Naquele dia se fez o drama. Aquela tarde era triste como um vento desembestado na terra. A mudança da luz do Sol para um escuro de tudo, vinha logo. Tudo viraria treva. A tempestade, logo ali. Nuvens enormes e pesadas se batiam num horizonte. Um trovão estrondou em cima do seu barraco. O vento que começava a ficar forte bulia com os arvoredos que se mexiam de um lado para outro. Um aguaceiro era eminente.
As baterias de fogos de artifício, prontas. Poucos minutos antes dos ponteiros dos relógios se encavalarem na meia-noite elas começariam a espocar. O Papai Noel já se fora há dias. Para muitos ficou somente o saco vazio. O ano velho, também, já, já partiria para sempre. O novo, conforme previsões, literalmente, começaria com um temporal.
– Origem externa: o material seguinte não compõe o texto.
(* Let $A$ be a basic connected finite dimensional algebra over an algebraically closed field $k$ with ordinary quiver $Q$ without oriented cycles. Let $\nu\colon kQ\twoheadrightarrow A$ be a presentation, $\varphi_{\alpha,u,\tau}$ a transvection of $kQ$, and $\mu:=\nu\circ\varphi_{\alpha,u,\tau}$. Set $I=\mathsf{Ker}(\nu)$, $J=\mathsf{Ker}(\mu)$ (so $I=\varphi_{\alpha,u,\tau}(J)$). Suppose $\alpha\sim_J u$, and let $p\colon\pi_1(Q,I)\twoheadrightarrow\pi_1(Q,J)$, $[\gamma]_I\mapsto[\gamma]_J$, be the surjective group homomorphism induced by the identity on walks. Then $\theta_\mu=\theta_\nu\circ p^*$, where $p^*\colon\mathsf{Hom}(\pi_1(Q,J),k^+)\hookrightarrow\mathsf{Hom}(\pi_1(Q,I),k^+)$, $f\mapsto f\circ p$. In particular $\mathsf{Im}(\theta_\mu)\subseteq\mathsf{Im}(\theta_\nu)$.
   Context: Fix a complete set $e_1,\dots,e_n$ of primitive orthogonal idempotents of $A$ indexed by $Q_0=\{1,\dots,n\}$, $E=\bigoplus ke_i$. A presentation is a surjective algebra map $\nu\colon kQ\twoheadrightarrow A$ with admissible kernel ($(kQ^+)^N\subseteq\mathsf{Ker}\,\nu\subseteq(kQ^+)^2$ for some $N\ge2$, $kQ^+$ the arrow ideal) and $\nu(e_i)=e_i$. A bypass is a pair $(\alpha,u)$ with $\alpha$ an arrow and $u$ an oriented path parallel to and distinct from $\alpha$; for $\tau\in k$ the transvection $\varphi_{\alpha,u,\tau}$ is the automorphism of $kQ$ fixing all $e_i$ and all arrows other than $\alpha$ and mapping $\alpha$ to $\alpha+\tau u$. Walks: paths with formal inverse arrows allowed. $\sim_I$ is the smallest equivalence relation on walks with $\alpha\alpha^{-1}\sim_I e_y$, $\alpha^{-1}\alpha\sim_I e_x$ for arrows $\alpha\colon x\to y$, compatible with concatenation, and identifying two paths occurring with nonzero coefficient in a same minimal relation of $I$ (a nonzero $\sum t_iu_i\in I$, $t_i\neq0$, distinct paths, no nonempty proper subsum in $I$). $\pi_1(Q,I)$ is the group of classes of closed walks at a fixed vertex $x_0$. It is known that under the hypothesis $\alpha\sim_J u$ the relation $\sim_I$ is finer than $\sim_J$, so $p$ is well defined and surjective. $\mathsf{HH}^1(A)=Der_0(A)/Int_0(A)$, with $Der_0(A)$ the derivations vanishing on all $e_i$ and $Int_0(A)=\{a\mapsto ea-ae\mid e\in E\}$. Fix a maximal tree $T$ of $Q$, $\gamma_x$ the minimal walk in $T$ from $x_0$ to $x$. For a presentation $\nu$ with kernel $I$ and group homomorphism $f\colon\pi_1(Q,I)\to k^+$, $\theta_\nu(f)$ is the class of the derivation $\tilde f$ with $\tilde f(\nu(u))=f([\gamma_y^{-1}u\gamma_x]_I)\nu(u)$ for paths $u$ from $x$ to $y$. *)

From HB Require Import structures.
From mathcomp Require Import all_boot all_order all_algebra all_field.
Set Implicit Arguments. Unset Strict Implicit. Unset Printing Implicit Defensive.
Import GRing.Theory.
Local Open Scope ring_scope.
Lemma vc_prefix_last : (0 < n)%N -> exists i, prefix i + Theta i = \sum_(k < n) Theta k.
Proof.
move=> n_gt0; have lt_last : (n.-1 < n)%N by rewrite ltn_predL.
exists (Ordinal lt_last); rewrite vc_prefixS.
by apply: eq_bigl => k; rewrite /= prednK // ltn_ord.
Qed.

Lemma sum_vc_Theta : \sum_(k < n) Theta k = Pi * \sum_(k < n) C k / (T k)%:R.
Proof. by rewrite mulr_sumr; apply: eq_bigr => k _; rewrite /vc_Theta mulrA. Qed.

Lemma vc_server_active_slots i :
  periodic_slots Pi (prefix i) (Theta i) `<=` vc_server_active T C i.
Proof.
have Pi_gt0 : 0 < Pi by rewrite ltr0n (vc_Pi_gt0 i).
have prefix_ge0 := vc_prefix_ge0 i.
move=> u [k /andP[slot_lo slot_hi]].
pose j := Num.ceil (u / Pi) - 1.
have [ju uj] : j%:~R * Pi < u /\ u <= (j + 1)%:~R * Pi.
  rewrite /j subrK; have := ceilB1_lt (u / Pi); have := ceil_ge (u / Pi).
  by rewrite ler_pdivrMr // ltr_pdivlMr.
have k_le_j : k <= j.
  by rewrite -ltzD1 -(ltr_int R) -(ltr_pM2r Pi_gt0); lra.
have pE : (`|j - k|%N)%:R = j%:~R - k%:~R :> R.
  by rewrite natr_absz ger0_norm ?subr_ge0 // intrB.
exists `|j - k|%N, j; rewrite pE mulrBl.
by split; apply/andP; split; lra.
Qed.

Lemma vc_server_on_first_window i p t :
  0 < t <= Pi -> prefix i < p%:R * Pi + t <= prefix i + Theta i ->
  vc_server_on T C i p t.
Proof. by move=> win slot; exists 0; rewrite add0r mulr0z mul0r subr0 mulr1z mul1r. Qed.

Lemma vc_server_on_proc_lt m i p t :
  \sum_(k < n) C k / (T k)%:R <= m%:R -> vc_server_on T C i p t -> (p < m)%N.
Proof.
move=> util [j [/andP[jt _] /andP[_ slot_hi]]].
have Pi_gt0 : 0 < Pi by rewrite ltr0n (vc_Pi_gt0 i).
have := vc_prefix_le_sum i; rewrite sum_vc_Theta => le_sum.
have le_m : Pi * \sum_(k < n) C k / (T k)%:R <= m%:R * Pi.
  by rewrite [leRHS]mulrC ler_pM2l.
by rewrite -(ltr_nat R) -(ltr_pM2r Pi_gt0); lra.
Qed.

Lemma vc_server_on_proc_unique i p p' t :
  vc_server_on T C i p t -> vc_server_on T C i p' t -> p = p'.
Proof.
move=> [j [win /andP[lo hi]]] [j' [win' /andP[lo' hi']]].
have Pi_gt0 : 0 < Pi by rewrite ltr0n (vc_Pi_gt0 i).
move: (int_window_unique Pi_gt0 win win') lo' hi' => <- lo' hi'.
have Theta_le := vc_Theta_le_Pi i.
apply/eqP; rewrite eqn_leq; apply/andP.
by split; rewrite -ltnS -(ltr_nat R) -natr1 -(ltr_pM2r Pi_gt0) mulrDl mul1r; lra.
Qed.

Lemma vc_server_on_server_unique i i' p t :
  vc_server_on T C i p t -> vc_server_on T C i' p t -> i = i'.
Proof.
move=> [j [win /andP[lo hi]]] [j' [win' /andP[lo' hi']]].
have Pi_gt0 : 0 < Pi by rewrite ltr0n (vc_Pi_gt0 i).
move: (int_window_unique Pi_gt0 win win') lo' hi' => <- lo' hi'.
by case: (ltngtP i i') => [/vc_prefix_le_prefix|/vc_prefix_le_prefix|/val_inj //] ?;
  exfalso; lra.
Qed.

Lemma vc_valid_schedule_of_util m :
  \sum_(k < n) C k / (T k)%:R <= m%:R -> vc_valid_schedule T C m.
Proof.
move=> util; split=> [i p t|i p p' t|i i' p t].
- exact: vc_server_on_proc_lt.
- exact: vc_server_on_proc_unique.
- exact: vc_server_on_server_unique.
Qed.

Lemma vc_util_le_of_valid m :
  vc_valid_schedule T C m -> \sum_(k < n) C k / (T k)%:R <= m%:R.
Proof.
case=> proc_lt _ _; have [n0|n_gt0] := posnP n.
  by rewrite big1 // => i; have : (i < 0)%N by rewrite -[X in (_ < X)%N]n0.
have [i last] := vc_prefix_last n_gt0.
have Pi_gt0 : 0 < Pi by rewrite ltr0n (vc_Pi_gt0 i).
set U := \sum_(k < n) C k / (T k)%:R in last *.
rewrite sum_vc_Theta -/U in last.
have U_gt0 : 0 < U.
  rewrite -(pmulr_rgt0 _ Pi_gt0) -last.
  by have := vc_prefix_ge0 i; have := vc_Theta_gt0 i; lra.
pose p := `|Num.ceil U - 1|%N.
have pE : p%:R = (Num.ceil U)%:~R - 1 :> R.
  by rewrite natr_absz ger0_norm ?intrB // subr_ge0 -gtz0_ge1 ceil_gt0.
have [ceil_lo ceil_hi] := (ceilB1_lt U, ceil_ge U); rewrite intrB mulr1z in ceil_lo.
have win : 0 < (U - p%:R) * Pi <= Pi.
  apply/andP; split; first by rewrite mulr_gt0 // subr_gt0; lra.
  by rewrite -[leRHS]mul1r ler_pM2r //; lra.
have slot : prefix i < p%:R * Pi + (U - p%:R) * Pi <= prefix i + Theta i.
  have := vc_Theta_gt0 i; rewrite mulrBl [U * _]mulrC => Theta_gt0.
  by apply/andP; split; lra.
have := proc_lt i p _ (vc_server_on_first_window win slot).
by rewrite -(ler_nat R) -natr1; lra.
Qed.
Lemma psize_restr0_chosen f d i : dt_depth_le f d -> chosen_var f i ->
  d * psize (restr f i false) <= (d - 1) * psize f.
Proof.
move=> fd [i_min _]; case: (posnP (psize f)) => [s0 | s_gt0].
  by rewrite psize_restr0 s0 sub0n !muln0.
have [j le_j] := exists_psize_restr0_le fd s_gt0.
exact: leq_trans (leq_mul (leqnn d) (i_min j)) le_j.
Qed.

(* Induction on the number of variables: the chosen variable occurs in f,
   so both restrictions of f lose it. *)
Lemma Tf_zero_depth_le f d k : dt_depth_le f d ->
  psize f * (d - 1) ^ k < d ^ k -> exists T, Tf f T /\ zero_depth T <= k.
Proof.
have [m] := ubnP #|vars f|; elim: m f k => // m IH f k lt_vars fd budget.
case: (posnP (psize f)) => [s0 | s_gt0].
  by exists (Leaf n (anf_coef f set0)); split; [apply/Tf_leaf/psize_eq0_const|].
case: k budget => [|k] budget; first by rewrite expn0 muln1 ltnS leqn0 in budget; nia.
have d_gt0 : 0 < d.
  by move: budget; rewrite lt0n; apply: contraTneq => ->; rewrite exp0n.
have [S mS] : exists S, S \in monomials f by apply/set0Pn; rewrite -card_gt0.
have [j0 _] : exists j0, j0 \in S by apply/set0Pn; case/setIdP: mS.
have [i chosen_i] := chosen_var_exists f j0.
have le_i := psize_restr0_chosen fd chosen_i.
have lt_i : psize (restr f i false) < psize f by nia.
have vars_i : i \in vars f by apply: contraTT lt_i => /psize_restr0_id ->; rewrite ltnn.
have [T0 [Tf0 z0]] : exists T, Tf (restr f i false) T /\ zero_depth T <= k.
  apply: IH (dt_depth_le_restr i false fd) _.
    exact: leq_trans (card_vars_restr false vars_i) _.
  rewrite -(ltn_pmul2l d_gt0) mulnA -expnS; apply: leq_ltn_trans budget.
  by rewrite expnS mulnA [psize f * _]mulnC leq_mul2r le_i orbT.
have [T1 [Tf1 z1]] : exists T, Tf (restr f i true) T /\ zero_depth T <= k.+1.
  apply: IH (dt_depth_le_restr i true fd) _.
    exact: leq_trans (card_vars_restr true vars_i) _.
  exact: leq_ltn_trans (leq_mul (psize_restr1 f i) (leqnn _)) budget.
exists (Node i T0 T1); split; last by rewrite /= geq_max z1 ltnS z0.
apply: Tf_node => // xi /const_psize_eq0 s0.
by rewrite s0 in s_gt0.
Qed.

End GreedyTree.

Section RealBound.
Local Open Scope R_scope.

Lemma INR_expn m k : INR (m ^ k) = INR m ^ k.
Proof. by elim: k => [//|k IH]; rewrite expnS mulnE mult_INR IH. Qed.

Lemma exp_INR_mul k x : exp (INR k * x) = exp x ^ k.
Proof.
elim: k => [|k IH]; first by rewrite Rmult_0_l exp_0.
by rewrite S_INR Rmult_plus_distr_r Rmult_1_l exp_plus IH /= Rmult_comm.
Qed.

(* (1 - 1/d)^k <= exp(-k/d) < 1/s as soon as k > d ln s. *)
Lemma budget_of_ln (d s k : nat) : (0 < d)%N -> (0 < s)%N ->
  INR d * ln (INR s) < INR k -> (s * (d - 1) ^ k < d ^ k)%N.
Proof.
case: d => [//|d] _ s_gt0 k_gt; rewrite subn1 /=.
apply/ltP/INR_lt; rewrite mulnE mult_INR !INR_expn.
have s_pos : 0 < INR s by apply: (lt_INR 0); apply/ltP.
set D := INR d.+1 in k_gt *; have D_ge1 : 1 <= D by apply: (le_INR 1); apply/leP.
have -> : INR d = (1 - / D) * D by rewrite /D S_INR; field; have := pos_INR d; lra.
have decay : (1 - / D) ^ k <= exp (INR k * - / D).
  rewrite exp_INR_mul; apply: pow_incr; split; last exact: exp_ineq1_le.
  by have := Rinv_le_contravar _ _ Rlt_0_1 D_ge1; rewrite Rinv_1; lra.
have small : INR s * exp (INR k * - / D) < 1.
  rewrite -{1}(exp_ln _ s_pos) -exp_plus -exp_0; apply: exp_increasing.
  have : ln (INR s) < INR k * / D.
    apply: (Rmult_lt_reg_l D); first lra.
    by rewrite (Rmult_comm (INR k)) -Rmult_assoc Rinv_r; lra.
  lra.
have D_pow : 0 < D ^ k by apply: pow_lt; lra.
rewrite Rpow_mult_distr -Rmult_assoc -{2}(Rmult_1_l (D ^ k)).
apply: Rmult_lt_compat_r => //; apply: Rle_lt_trans small.
by apply: Rmult_le_compat_l; lra.
Qed.
Lemma pair_sum_le (R : realType) (Q : nat) : (2 <= Q)%N -> pair_sum R Q <=
  4 / (2 * Q%:R + 1) ^+ 2 * \sum_(2 <= q < Q.+1) (q%:R^-1 + 2 / (2 * (Q%:R - q%:R) + 1)).
Proof.
move=> Q_ge2; rewrite /pair_sum -(pair_big_dep (fun q : 'I_Q.+1 => (1 < q)%N)
  (fun q r : 'I_Q.+1 => (Q < q + r)%N) (fun q r : 'I_Q.+1 => ((q * r)%:R ^+ 2)^-1)) /=.
rewrite big_geq_mkord mulr_sumr; apply: ler_sum => q q_gt1.
have qQ : (q <= Q)%N by rewrite -ltnS.
have q_ge2 : (2 : R) <= q%:R by rewrite ler_nat.
have qQ' : (q%:R : R) <= Q%:R by rewrite ler_nat.
rewrite (eq_bigr (fun r : 'I_Q.+1 => (q%:R ^+ 2)^-1 * (r%:R ^+ 2)^-1)); last first.
  by move=> r _; rewrite natrM exprMn invfM.
rewrite -mulr_sumr (eq_bigl (fun r : 'I_Q.+1 => true && ((Q - q).+1 <= r)%N)); last first.
  by move=> r; lia.
rewrite -(big_geq_mkord _ _ xpredT (fun r => ((r%:R : R) ^+ 2)^-1)).
apply: le_trans (ler_wpM2l _ (sum_inv_sqr_le _ _)) _.
- by rewrite invr_ge0 exprn_ge0.
- lia.
rewrite -[(Q - q).+1%:R]natr1 natrB // -[Q.+1%:R]natr1.
rewrite [leLHS](_ : _ = 4 / (2 * Q%:R + 1) ^+ 2 * (q%:R^-1 + 2 / (2 * (Q%:R - q%:R) + 1))) //.
by field; lra.
Qed.

Lemma farey_constant_estimate (R : realFieldType) (q L : R) :
  2 <= q -> 2 * (q - 1) <= (q + 1) * L -> 4 / (2 * q + 1) ^+ 2 * (2 * L + 8 / 5) * q ^+ 2 < 3 * L.
Proof.
move=> q_ge2 L_ge.
pose P := 4 * q ^+ 2 + 12 * q + 3.
have P_gt0 : 0 < P by rewrite /P expr2; nra.
have key : 32 / 5 * q ^+ 2 < L * P.
  rewrite -(ltr_pM2r (_ : 0 < q + 1)); last by lra.
  apply: lt_le_trans (_ : 2 * (q - 1) * P <= _).
    by rewrite /P expr2; nra.
  by rewrite [leRHS]mulrAC ler_pM2r // [leRHS]mulrC.
rewrite (_ : _ * q ^+ 2 = (8 * L + 32 / 5) * q ^+ 2 / (2 * q + 1) ^+ 2); last first.
  by field; lra.
rewrite ltr_pdivrMr; last by apply: exprn_gt0; lra.
by rewrite /P !expr2 in key *; lra.
Qed.

Lemma S2_le_ln (R : realType) (Q : nat) : (2 <= Q)%N ->
  ratr (S2 Q) <= 4 / (2 * Q%:R + 1) ^+ 2 * (2 * ln (Q%:R : R) + 8 / 5).
Proof.
move=> Q_ge2; have Q_ge2' : (2 : R) <= Q%:R by rewrite ler_nat.
have := S2_le_pair_sum Q; rewrite -(ler_rat R) ratr_pair_sum => /le_trans; apply.
apply: (le_trans (pair_sum_le R Q_ge2)).
rewrite ler_wpM2l ?divr_ge0 ?exprn_ge0 // big_split /=.
apply: le_trans (lerD (sum_inv_le_ln R (ltnW Q_ge2)) (sum_inv_odd_le_ln R Q_ge2)) _.
have ln3_sub_ln2 : 2 / 5 <= ln 3 - ln (2 : R).
  apply: le_trans (pade_le_ln_sub _ _); [|lra|lra].
  by rewrite [leRHS](_ : _ = 2 / 5) //; field.
have ln_prod : ln (2 * Q%:R + 1) + ln (Q%:R - 1) <= ln 2 + 2 * ln (Q%:R : R).
  rewrite (_ : 2 * ln _ = ln (Q%:R ^+ 2)); last by rewrite lnXn ?mulr_natl //; lra.
  have Q2_gt0 : (0 : R) < Q%:R ^+ 2 by rewrite exprn_gt0 //; lra.
  by rewrite -!lnM ?posrE // ?ler_ln ?posrE ?mulr_gt0 //; lra.
lra.
Qed.
(* Let $\mathcal{C}(\mathbb{R}) = \{A\subseteq\mathbb{R} : A \text{ is countable or } \mathbb{R}\setminus A \text{ is countable}\}$. Then $\mathcal{C}(\mathbb{R}) \neq \mathcal{B}_f(\mathbb{R})$ for every two-point selection $f$ on $\mathbb{R}$.
   Context: A two-point selection on $\mathbb{R}$ is a function $f$ from the set of two-element subsets of $\mathbb{R}$ to $\mathbb{R}$ with $f(F)\in F$. Write $r<_f s$ if $f(\{r,s\})=r$ ($r\ne s$), $(\leftarrow,r)_f=\{x: x<_f r\}$, $(r,\rightarrow)_f=\{x: r<_f x\}$. The topology $\tau_f$ on $\mathbb{R}$ is generated (as a subbase) by all sets $(\leftarrow,r)_f$, $(r,\rightarrow)_f$, $r\in\mathbb{R}$, and $\mathcal{B}_f(\mathbb{R})$ is the $\sigma$-algebra generated by $\tau_f$. *)

From Stdlib Require Import Reals List.
Open Scope R_scope.

(* A two-point selection: f {r,s} is encoded as f r s (only values with r <> s
   matter); it must not depend on the order of r,s and must pick r or s. *)
Definition two_point_selection (f : R -> R -> R) : Prop :=
  forall r s : R, r <> s -> f r s = f s r /\ (f r s = r \/ f r s = s).

Definition sel_lt (f : R -> R -> R) (r s : R) : Prop := r <> s /\ f r s = r.

Definition subbase (f : R -> R -> R) (S : R -> Prop) : Prop :=
  exists r : R, S = (fun x => sel_lt f x r) \/ S = (fun x => sel_lt f r x).

(* tau_f: the topology generated by the subbase; U is open iff every point of U
   lies in a finite intersection of subbase sets contained in U (the empty
   intersection being the whole line). *)
Definition tau (f : R -> R -> R) (U : R -> Prop) : Prop :=
  forall x : R, U x ->
    exists l : list (R -> Prop),
      (forall S, In S l -> subbase f S) /\
      (forall S, In S l -> S x) /\
      (forall y : R, (forall S, In S l -> S y) -> U y).

Definition sigma_algebra (M : (R -> Prop) -> Prop) : Prop :=
  M (fun _ => True) /\
  (forall A, M A -> M (fun x => ~ A x)) /\
  (forall A : nat -> R -> Prop, (forall n, M (A n)) -> M (fun x => exists n, A n x)).

Definition Borel_f (f : R -> R -> R) (A : R -> Prop) : Prop :=
  forall M : (R -> Prop) -> Prop,
    sigma_algebra M -> (forall U, tau f U -> M U) -> M A.

Definition countable_set (A : R -> Prop) : Prop :=
  exists g : R -> nat, forall x y, A x -> A y -> g x = g y -> x = y.

Definition cocountable_family (A : R -> Prop) : Prop :=
  countable_set A \/ countable_set (fun x => ~ A x).

(* If every tau_f-open set were countable or co-countable, then of the two
   disjoint open rays (r, ->)_f and (<-, r)_f one would be countable for each r;
   by symmetry the set L of points with countable upper ray is uncountable.
   Zorn's lemma gives a maximal family of intervals (s, t)_f, each marked at a
   center a with s, a in L, whose intervals contain no center but their own.
   Maximality makes the centers uncountable: otherwise the intervals and the
   points not below every center form countable sets, leaving room in L for a
   further marked interval.  Splitting the centers into two uncountable halves,
   the union of the intervals around one half is open but neither countable nor
   co-countable. *)

From Stdlib Require Import Reals Lra Lia Classical List.
From mathcomp Require all_boot all_algebra all_classical all_reals all_analysis Rstruct.

Module SetTheoryFacts.
Import all_boot all_algebra all_classical all_reals all_analysis Rstruct.
Import GRing.Theory Num.Theory.
Local Open Scope classical_set_scope.
Local Open Scope ring_scope.

Lemma countable_setE (A : R -> Prop) : countable_set A <-> countable A.
Proof.
split=> [[g injg]|/countable_injP[g injg]].
  by apply/countable_injP; exists g => x y; rewrite !inE; apply: injg.
by exists g => x y Ax Ay; apply: injg; rewrite inE.
Qed.

Lemma not_countable_setT : ~ countable_set (fun _ : R => True).
Proof.
move=> /countable_setE cT.
have c01 : countable ([set` `[0, 1]%R] : set R) by apply: sub_countable cT; exact: subset_card_le.
have := countable_lebesgue_measure0 c01.
by rewrite lebesgue_measure_itv /= lte_fin ltr01 oppr0 adde0 => /eqP; rewrite eqe oner_eq0.
Qed.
Olhando para as alturas, entre lágrimas ele estava colocando dúvidas naquilo que sempre acreditou. Sua fraca fé, cada vez mais enfraquecia, estava indo embora. Ele travava uma peleia interna, relutava muito consigo mesmo. Não queria dar o braço a torcer, mas estava se cagando de medo, de tudo. Estava jogando os panos. Estava na pior, desmoronando. Aquele ano fora difícil de tudo.
No seu único cômodo, viu a sua amada com o avio acender uma enorme vela branca, e junto com seu único bacurote, ajoelhados e contritos, após o sinal da cruz, rezavam. Escutou ela pedir proteção aos céus. Viu ela pegar aquele vidrinho de água benta e aspergir naquela repartição de chão batido. Ele se viu sensibilizado, se comoveu. Ajoelhou-se também. Teve consciência da sua fraqueza. Pediu perdão, se penitenciou. Não podia se entregar, tinha algo pelo que e por quem lutar.
Os ponteiros encavalaram. As baterias espocaram de montão na cidade. Como um passe de mágica, o temporal se fora. A lua cheia foi iluminada pelas estrelas que se acenderam rapidamente no firmamento. Era o ano novo, de muita esperança, que acabara de chegar. O bacurote subiu na cadeira de palha. Na ponta dos pés retirou a folhinha pendurada por um prego na parede. A mãe lhe alcançou aquela ganha na bodega. Era o ano de folhinha nova. De vida nova. Sabia-se, de muita luta, mas não bateriam à lona. Buscariam um Feliz Ano Novo. E, assim o fizeram. Eles tinham uma família.